#### THE TASK
Output every entry exactly, from the first line to the last.

#### RECORDS SUPPLIED
Lemma InfR_sub_meetE (S R : {set T}) : InfR op S -> InfR op R ->
  S \subset R <-> refines (meet S) (meet R).
Proof.
move=> infS infR; split => [sSR | refSR].
  apply: orbit_meet_glb; first exact: orbit_meet_partition.
  by move=> M /(maximals_overS sSR); apply: orbit_meet_refines.
apply: (InfR_sub infR) => M RM.
apply: (refines_trans (orbit_str_refines_meet S)).
exact: (refines_trans refSR (orbit_meet_refines RM)).
Qed.

End Rack.

Theorem mainTheorem4 (n : nat) (op : 'I_n -> 'I_n -> 'I_n) :
  is_rack op -> connected op ->
  (forall S, InfR op S -> eta op S = S) /\
  (forall S R, InfR op S -> InfR op R ->
     (S \subset R) <-> refines (orbit_str op S) (orbit_str op R)) /\
  (exists f : {set 'I_n} -> {set {set 'I_n}},
     (forall S, InfR op S -> InfPi (pi_maximals op) (f S)) /\
     (forall S R, InfR op S -> InfR op R ->
        (S \subset R) <-> refines (f S) (f R))).
Proof.
move=> rackX connX; split; [|split].
- exact: InfR_eta.
- exact: InfR_subE.
exists (fun S => orbit_meet op (maximals_over op S)); split.
- exact: InfPi_meet.
- exact: InfR_sub_meetE.
Qed.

#### YOUR SOLUTION
Lemma InfR_sub_meetE (S R : {set T}) : InfR op S -> InfR op R ->
  S \subset R <-> refines (meet S) (meet R).
Proof.
move=> infS infR; split => [sSR | refSR].
  apply: orbit_meet_glb; first exact: orbit_meet_partition.
  by move=> M /(maximals_overS sSR); apply: orbit_meet_refines.
apply: (InfR_sub infR) => M RM.
apply: (refines_trans (orbit_str_refines_meet S)).
exact: (refines_trans refSR (orbit_meet_refines RM)).
Qed.

End Rack.

Theorem mainTheorem4 (n : nat) (op : 'I_n -> 'I_n -> 'I_n) :
  is_rack op -> connected op ->
  (forall S, InfR op S -> eta op S = S) /\
  (forall S R, InfR op S -> InfR op R ->
     (S \subset R) <-> refines (orbit_str op S) (orbit_str op R)) /\
  (exists f : {set 'I_n} -> {set {set 'I_n}},
     (forall S, InfR op S -> InfPi (pi_maximals op) (f S)) /\
     (forall S R, InfR op S -> InfR op R ->
        (S \subset R) <-> refines (f S) (f R))).
Proof.
move=> rackX connX; split; [|split].
- exact: InfR_eta.
- exact: InfR_subE.
exists (fun S => orbit_meet op (maximals_over op S)); split.
- exact: InfPi_meet.
- exact: InfR_sub_meetE.
Qed.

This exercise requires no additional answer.